── Information shown ──

(* Let $H^0(\mathcal A_\theta^{alg},{}_{\omega}\mathcal A_\theta^{alg\ast})$ be the space of formal series $\varphi=\sum\varphi_{n,m}U_1^nU_2^m$ with $(\omega\cdot a)\varphi=\varphi a$ for all $a\in\mathcal A_\theta^{alg}$, and let $\mathbb Z_3=\langle\omega\rangle$ act on it by applying $\omega$ termwise. Then the subspace of $\mathbb Z_3$-invariant elements satisfies $H^0(\mathcal A_\theta^{alg},{}_{\omega}\mathcal A_\theta^{alg\ast})^{\mathbb Z_3}\cong\mathbb C^3$.
   Context: Let $\theta\in\mathbb R\setminus\mathbb Q$, $\lambda=e^{2\pi i\theta}$, $\lambda^s:=e^{2\pi i\theta s}$. $\mathcal A_\theta^{alg}$ is the complex algebra of finite sums $\sum a_{n,m}U_1^nU_2^m$ with $U_1,U_2$ invertible and $U_2U_1=\lambda U_1U_2$; formal series $\sum_{(n,m)\in\mathbb Z^2}\varphi_{n,m}U_1^nU_2^m$ with arbitrary coefficients form an $\mathcal A_\theta^{alg}$-bimodule via multiplication. $\omega$ is the automorphism with $\omega\cdot U_1=U_2^{-1}$, $\omega\cdot U_2=\lambda^{-1/2}U_1U_2^{-1}$; it has order $3$. Termwise action: $\omega\cdot\sum\varphi_{n,m}U_1^nU_2^m=\sum\varphi_{n,m}\,\omega\cdot(U_1^nU_2^m)$, which is again a formal series. *)

From Stdlib Require Import Reals ZArith List.
From Coquelicot Require Import Coquelicot.

Definition lam_pow (theta s : R) : C :=
  (cos (2 * PI * theta * s), sin (2 * PI * theta * s)).

(* A monomial  c * U1^a * U2^b  is represented by (c, (a, b)). *)
Definition Mon := (C * (Z * Z))%type.

Definition mon_one : Mon := (RtoC 1, (0%Z, 0%Z)).

(* Product in A_theta, using U2^b U1^a' = lambda^(b a') U1^a' U2^b. *)
Definition mmul (theta : R) (x y : Mon) : Mon :=
  match x, y with
  | (c, (a, b)), (d, (a', b')) =>
      (Cmult (Cmult c d) (lam_pow theta (IZR (b * a'))), ((a + a')%Z, (b + b')%Z))
  end.

Definition minv (theta : R) (x : Mon) : Mon :=
  match x with
  | (c, (a, b)) => (Cmult (Cinv c) (lam_pow theta (IZR (a * b))), ((- a)%Z, (- b)%Z))
  end.

Definition mpow (theta : R) (x : Mon) (n : Z) : Mon :=
  match n with
  | Z0 => mon_one
  | Zpos p => Nat.iter (Pos.to_nat p) (mmul theta x) mon_one
  | Zneg p => Nat.iter (Pos.to_nat p) (mmul theta (minv theta x)) mon_one
  end.

Definition omega_U1 : Mon := (RtoC 1, (0%Z, (-1)%Z)).
Definition omega_U2 (theta : R) : Mon := (lam_pow theta (-1/2), (1%Z, (-1)%Z)).

Definition omega_mon (theta : R) (n m : Z) : Mon :=
  mmul theta (mpow theta omega_U1 n) (mpow theta (omega_U2 theta) m).

Definition omega_monc (theta : R) (x : Mon) : Mon :=
  match x with
  | (c, (a, b)) => let '(d, e) := omega_mon theta a b in (Cmult c d, e)
  end.

(* Elements of A_theta^alg: finite sums of monomials. *)
Definition Alg := list Mon.

Definition omega_alg (theta : R) (a : Alg) : Alg := map (omega_monc theta) a.

(* Formal series  sum phi(n,m) U1^n U2^m  with arbitrary coefficients. *)
Definition FSeries := (Z -> Z -> C).

Definition series_zero : FSeries := fun _ _ => RtoC 0.
Definition series_add (f g : FSeries) : FSeries := fun p q => Cplus (f p q) (g p q).

Definition lmul_mon (theta : R) (x : Mon) (phi : FSeries) : FSeries :=
  fun p q => match x with
  | (_, (a, b)) => Cmult (fst (mmul theta x (RtoC 1, ((p - a)%Z, (q - b)%Z))))
                         (phi (p - a)%Z (q - b)%Z)
  end.

Definition rmul_mon (theta : R) (phi : FSeries) (x : Mon) : FSeries :=
  fun p q => match x with
  | (_, (a, b)) => Cmult (fst (mmul theta (RtoC 1, ((p - a)%Z, (q - b)%Z)) x))
                         (phi (p - a)%Z (q - b)%Z)
  end.

Definition lmul (theta : R) (a : Alg) (phi : FSeries) : FSeries :=
  fold_right (fun x acc => series_add (lmul_mon theta x phi) acc) series_zero a.

Definition rmul (theta : R) (phi : FSeries) (a : Alg) : FSeries :=
  fold_right (fun x acc => series_add (rmul_mon theta phi x) acc) series_zero a.

Definition H0_omega (theta : R) (phi : FSeries) : Prop :=
  forall a : Alg, lmul theta (omega_alg theta a) phi = rmul theta phi a.

(* Termwise action of omega on a formal series.  omega.(U1^n U2^m) has exponents
   (m, -n-m); the unique monomial landing on (p,q) is (n,m) = (-p-q, p). *)
Definition omega_series (theta : R) (phi : FSeries) : FSeries :=
  fun p q => Cmult (fst (omega_mon theta (- p - q)%Z p)) (phi (- p - q)%Z p).

Definition Z3_invariant (theta : R) (phi : FSeries) : Prop :=
  forall k : nat, Nat.iter k (omega_series theta) phi = phi.

Definition irrational (theta : R) : Prop :=
  forall p q : Z, q <> 0%Z -> theta <> IZR p / IZR q.

(** Multiplying coefficients by the gauge [lambda^(-(p^2 + 4pq + q^2)/6)] turns the
    twisted-trace condition [(omega . a) phi = phi a] into invariance of the gauged
    coefficients under all shifts [(s, t)] of the lattice [s = t mod 3].  A twisted
    trace is therefore determined by three numbers, one per class of [p - q] mod 3,
    and every such series is fixed by [omega], because the gauge phase is. *)
From Stdlib Require Import Reals ZArith List Lra Lia FunctionalExtensionality.
From Coquelicot Require Import Coquelicot.

Lemma lam_pow_add th s t : Cmult (lam_pow th s) (lam_pow th t) = lam_pow th (s + t).
Proof.
  unfold lam_pow, Cmult; simpl.
  replace (2 * PI * th * (s + t)) with (2 * PI * th * s + 2 * PI * th * t) by ring.
  rewrite cos_plus, sin_plus. f_equal; ring.
Qed.

Lemma lam_pow_eq th s t : s = t -> lam_pow th s = lam_pow th t.
Proof. now intros ->. Qed.

Lemma lam_pow_0 th : lam_pow th 0 = RtoC 1.
Proof. unfold lam_pow, RtoC. now rewrite Rmult_0_r, cos_0, sin_0. Qed.

Lemma Cinv_lam_pow th s : Cinv (lam_pow th s) = lam_pow th (- s).
Proof.
  unfold lam_pow, Cinv; simpl.
  replace (2 * PI * th * - s) with (- (2 * PI * th * s)) by ring.
  rewrite cos_neg, sin_neg.
  assert (H := sin2_cos2 (2 * PI * th * s)). unfold Rsqr in H.
  replace (cos (2 * PI * th * s) * (cos (2 * PI * th * s) * 1) +
           sin (2 * PI * th * s) * (sin (2 * PI * th * s) * 1)) with 1 by lra.
  f_equal; field.
Qed.

Lemma lam_pow_mul_reg_l th s u v :
  Cmult (lam_pow th s) u = Cmult (lam_pow th s) v -> u = v.
Proof.
  intros H.
  assert (Hinv : Cmult (lam_pow th (- s)) (lam_pow th s) = RtoC 1).
  { rewrite lam_pow_add, <- (lam_pow_0 th). apply lam_pow_eq. ring. }
  transitivity (Cmult (lam_pow th (- s)) (Cmult (lam_pow th s) u)).
  { rewrite Cmult_assoc, Hinv. ring. }
  rewrite H, Cmult_assoc, Hinv. ring.
Qed.

Lemma iter_mmul_lam_pow th s a b k :
  Nat.iter k (mmul th (lam_pow th s, (a, b))) mon_one =
  (lam_pow th (INR k * s + IZR a * IZR b * INR k * (INR k - 1) / 2),
   ((Z.of_nat k * a)%Z, (Z.of_nat k * b)%Z)).
Proof.
  induction k as [|k IH]; simpl Nat.iter.
  - unfold mon_one. rewrite <- (lam_pow_0 th). f_equal. apply lam_pow_eq. simpl. field.
  - rewrite IH. unfold mmul. f_equal; [|f_equal; lia].
    rewrite Cmult_comm, Cmult_assoc, !lam_pow_add. apply lam_pow_eq.
    rewrite mult_IZR, mult_IZR, INR_IZR_INZ, S_INR, INR_IZR_INZ. field.
Qed.

Lemma minv_lam_pow th s a b :
  minv th (lam_pow th s, (a, b)) =
  (lam_pow th (- s + IZR a * IZR b), ((- a)%Z, (- b)%Z)).
Proof.
  unfold minv. rewrite Cinv_lam_pow, lam_pow_add, mult_IZR. reflexivity.
Qed.

Lemma mpow_lam_pow th s a b n :
  mpow th (lam_pow th s, (a, b)) n =
  (lam_pow th (IZR n * s + IZR a * IZR b * IZR n * (IZR n - 1) / 2),
   ((n * a)%Z, (n * b)%Z)).
Proof.
  destruct n as [|p|p]; unfold mpow.
  - unfold mon_one. rewrite <- (lam_pow_0 th). f_equal. apply lam_pow_eq. simpl. field.
  - rewrite iter_mmul_lam_pow, INR_IZR_INZ, positive_nat_Z. reflexivity.
  - rewrite minv_lam_pow, iter_mmul_lam_pow, INR_IZR_INZ, positive_nat_Z.
    f_equal; [|f_equal; lia].
    apply lam_pow_eq. rewrite <- Pos2Z.opp_pos, !opp_IZR. field.
Qed.

Lemma omega_mon_closed_form th n m :
  omega_mon th n m =
  (lam_pow th (- (IZR m * IZR m) / 2 - IZR n * IZR m), (m, (- n - m)%Z)).
Proof.
  unfold omega_mon, omega_U1, omega_U2. rewrite <- (lam_pow_0 th), !mpow_lam_pow.
  unfold mmul. f_equal; [|f_equal; lia].
  rewrite !lam_pow_add. apply lam_pow_eq. rewrite !mult_IZR. simpl IZR. field.
Qed.

Definition trace_phase (p q : Z) : R :=
  (IZR p * IZR p + 4 * IZR p * IZR q + IZR q * IZR q) / 6.

Definition untwist (th : R) (phi : FSeries) (p q : Z) : C :=
  Cmult (phi p q) (lam_pow th (- trace_phase p q)).

Definition twisted_trace (th : R) (h : Z -> C) : FSeries :=
  fun p q => Cmult (h ((p - q) mod 3)%Z) (lam_pow th (trace_phase p q)).

Lemma twist_untwist th phi p q :
  phi p q = Cmult (untwist th phi p q) (lam_pow th (trace_phase p q)).
Proof.
  unfold untwist. rewrite <- Cmult_assoc, lam_pow_add.
  rewrite (lam_pow_eq th (- trace_phase p q + trace_phase p q) 0) by ring.
  rewrite lam_pow_0. ring.
Qed.

Lemma untwist_twisted_trace th h p q :
  untwist th (twisted_trace th h) p q = h ((p - q) mod 3)%Z.
Proof.
  unfold untwist, twisted_trace. rewrite <- Cmult_assoc, lam_pow_add.
  rewrite (lam_pow_eq th (trace_phase p q + - trace_phase p q) 0) by ring.
  rewrite lam_pow_0. ring.
Qed.

Definition mon_action_phase (a b p q : Z) : R :=
  IZR ((q - b) * a) + trace_phase (p - a) (q - b).

Lemma rmul_mon_untwist th phi c a b p q :
  rmul_mon th phi (c, (a, b)) p q =
  Cmult (Cmult c (lam_pow th (mon_action_phase a b p q))) (untwist th phi (p - a) (q - b)).
Proof.
  unfold rmul_mon, mmul, mon_action_phase; cbn [fst snd].
  rewrite (twist_untwist th phi), <- lam_pow_add. ring.
Qed.

Lemma lmul_omega_mon_untwist th phi c a b p q :
  lmul_mon th (omega_monc th (c, (a, b))) phi p q =
  Cmult (Cmult c (lam_pow th (mon_action_phase a b p q)))
        (untwist th phi (p - b) (q + a + b)).
Proof.
  unfold omega_monc. rewrite omega_mon_closed_form.
  unfold lmul_mon, mmul; cbn [fst snd].
  replace (q - (- a - b))%Z with (q + a + b)%Z by ring.
  rewrite (twist_untwist th phi).
  transitivity (Cmult (Cmult c (untwist th phi (p - b) (q + a + b)))
    (lam_pow th (- (IZR b * IZR b) / 2 - IZR a * IZR b + IZR ((- a - b) * (p - b))
                 + trace_phase (p - b) (q + a + b)))).
  { rewrite <- !lam_pow_add. ring. }
  rewrite (lam_pow_eq th _ (mon_action_phase a b p q)); [ring|].
  unfold mon_action_phase, trace_phase.
  rewrite !mult_IZR, !minus_IZR, !plus_IZR, !opp_IZR. field.
Qed.

Lemma H0_omega_twisted_trace th h : H0_omega th (twisted_trace th h).
Proof.
  intro l. induction l as [|[c [a b]] l IH]; [reflexivity|].
  unfold lmul, rmul, omega_alg in *. cbn [map fold_right].
  rewrite IH. f_equal.
  extensionality p; extensionality q.
  rewrite lmul_omega_mon_untwist, rmul_mon_untwist, !untwist_twisted_trace.
  replace (p - b - (q + a + b))%Z with (p - a - (q - b) + (- b) * 3)%Z by ring.
  now rewrite Z.mod_add by lia.
Qed.

Lemma omega_series_twisted_trace th h :
  omega_series th (twisted_trace th h) = twisted_trace th h.
Proof.
  extensionality p; extensionality q.
  unfold omega_series, twisted_trace. rewrite omega_mon_closed_form; cbn [fst].
  replace (- p - q - p)%Z with (p - q + (- p) * 3)%Z by ring.
  rewrite Z.mod_add by lia.
  transitivity (Cmult (h ((p - q) mod 3)%Z)
    (lam_pow th (- (IZR p * IZR p) / 2 - IZR (- p - q) * IZR p + trace_phase (- p - q) p))).
  { rewrite <- lam_pow_add. ring. }
  f_equal. apply lam_pow_eq. unfold trace_phase. rewrite !minus_IZR, !opp_IZR. field.
Qed.

Lemma Z3_invariant_twisted_trace th h : Z3_invariant th (twisted_trace th h).
Proof.
  intro k. induction k as [|k IH]; [reflexivity|].
  rewrite Nat.iter_succ, IH. apply omega_series_twisted_trace.
Qed.

Lemma H0_omega_mon th phi x :
  H0_omega th phi -> lmul_mon th (omega_monc th x) phi = rmul_mon th phi x.
Proof.
  intros H. specialize (H (x :: nil)).
  unfold lmul, rmul, omega_alg in H; simpl in H.
  extensionality p; extensionality q.
  apply (f_equal (fun f => f p q)) in H. unfold series_add, series_zero in H.
  now rewrite !Cplus_0_r in H.
Qed.

Lemma H0_omega_untwist_shift th phi x y s b :
  H0_omega th phi -> untwist th phi (x + s) (y + s + 3 * b) = untwist th phi x y.
Proof.
  intros H.
  assert (Hmon := H0_omega_mon th phi (RtoC 1, ((s + b)%Z, b)) H).
  apply (f_equal (fun f => f (x + s + b)%Z (y + b)%Z)) in Hmon.
  rewrite lmul_omega_mon_untwist, rmul_mon_untwist, !Cmult_1_l in Hmon.
  apply lam_pow_mul_reg_l in Hmon.
  replace (x + s + b - b)%Z with (x + s)%Z in Hmon by ring.
  replace (y + b + (s + b) + b)%Z with (y + s + 3 * b)%Z in Hmon by ring.
  replace (x + s + b - (s + b))%Z with x in Hmon by ring.
  replace (y + b - b)%Z with y in Hmon by ring.
  exact Hmon.
Qed.

Lemma H0_omega_twisted_trace_eq th phi :
  H0_omega th phi -> phi = twisted_trace th (fun r => untwist th phi r 0).
Proof.
  intros H. extensionality p; extensionality q.
  unfold twisted_trace. rewrite (twist_untwist th phi p q). f_equal.
  assert (Hdiv := Z_div_mod_eq_full (p - q) 3).
  rewrite <- (H0_omega_untwist_shift th phi p q ((p - q) mod 3 - p) ((p - q) / 3) H).
  f_equal; lia.
Qed.

Lemma twisted_trace_ext th h h' :
  (forall r, (0 <= r < 3)%Z -> h r = h' r) -> twisted_trace th h = twisted_trace th h'.
Proof.
  intros H. extensionality p; extensionality q. unfold twisted_trace.
  rewrite H; [reflexivity|]. apply Z.mod_pos_bound. lia.
Qed.

Lemma twisted_trace_inj th h h' :
  twisted_trace th h = twisted_trace th h' -> forall r, (0 <= r < 3)%Z -> h r = h' r.
Proof.
  intros H r Hr.
  apply (f_equal (fun phi => untwist th phi r 0%Z)) in H.
  rewrite !untwist_twisted_trace, Z.sub_0_r, Z.mod_small in H; assumption.
Qed.

Definition residue_indicator (i k : Z) : C := if Z.eqb k i then RtoC 1 else RtoC 0.

Lemma twisted_trace_combination th (c : C * C * C) :
  (fun n m =>
     Cplus (Cplus (Cmult (fst (fst c)) (twisted_trace th (residue_indicator 0) n m))
                  (Cmult (snd (fst c)) (twisted_trace th (residue_indicator 1) n m)))
           (Cmult (snd c) (twisted_trace th (residue_indicator 2) n m))) =
  twisted_trace th (fun k =>
     Cplus (Cplus (Cmult (fst (fst c)) (residue_indicator 0 k))
                  (Cmult (snd (fst c)) (residue_indicator 1 k)))
           (Cmult (snd c) (residue_indicator 2 k))).
Proof.
  extensionality n; extensionality m. unfold twisted_trace. ring.
Qed.

Theorem mainTheorem4 (theta : R) (Htheta : irrational theta) :
  exists b1 b2 b3 : FSeries,
    (H0_omega theta b1 /\ Z3_invariant theta b1) /\
    (H0_omega theta b2 /\ Z3_invariant theta b2) /\
    (H0_omega theta b3 /\ Z3_invariant theta b3) /\
    forall phi : FSeries,
      (H0_omega theta phi /\ Z3_invariant theta phi) <->
      exists! c : C * C * C,
        phi = fun n m =>
          Cplus (Cplus (Cmult (fst (fst c)) (b1 n m)) (Cmult (snd (fst c)) (b2 n m)))
                (Cmult (snd c) (b3 n m)).
Proof.
  exists (twisted_trace theta (residue_indicator 0)),
         (twisted_trace theta (residue_indicator 1)),
         (twisted_trace theta (residue_indicator 2)).
  do 3 (split; [split; [apply H0_omega_twisted_trace | apply Z3_invariant_twisted_trace]|]).
  intro phi. split.
  - intros [Hphi _].
    exists (untwist theta phi 0 0, untwist theta phi 1 0, untwist theta phi 2 0). split.
    + rewrite twisted_trace_combination, (H0_omega_twisted_trace_eq theta phi Hphi) at 1.
      apply twisted_trace_ext. intros r Hr.
      assert (Hcases : (r = 0 \/ r = 1 \/ r = 2)%Z) by lia.
      destruct Hcases as [-> | [-> | ->]]; unfold residue_indicator; simpl; ring.
    + intros [[x1 x2] x3] Hx. rewrite twisted_trace_combination in Hx.
      rewrite (H0_omega_twisted_trace_eq theta phi Hphi) in Hx.
      assert (E := twisted_trace_inj theta _ _ Hx).
      rewrite (E 0%Z), (E 1%Z), (E 2%Z) by lia.
      unfold residue_indicator; simpl. f_equal; [f_equal|]; ring.
  - intros [c [Hc _]]. rewrite Hc, twisted_trace_combination.
    split; [apply H0_omega_twisted_trace | apply Z3_invariant_twisted_trace].
Qed.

───

> [What you have to do]
Above are the entries. Output exactly the lines beginning with the line that has "H0_omega th phi -> phi" and ending with the line that has "intros H. extensionality p; extensionality q. unfold".

> [Written solution]
  H0_omega th phi -> phi = twisted_trace th (fun r => untwist th phi r 0).
Proof.
  intros H. extensionality p; extensionality q.
  unfold twisted_trace. rewrite (twist_untwist th phi p q). f_equal.
  assert (Hdiv := Z_div_mod_eq_full (p - q) 3).
  rewrite <- (H0_omega_untwist_shift th phi p q ((p - q) mod 3 - p) ((p - q) / 3) H).
  f_equal; lia.
Qed.

Lemma twisted_trace_ext th h h' :
  (forall r, (0 <= r < 3)%Z -> h r = h' r) -> twisted_trace th h = twisted_trace th h'.
Proof.
  intros H. extensionality p; extensionality q. unfold twisted_trace.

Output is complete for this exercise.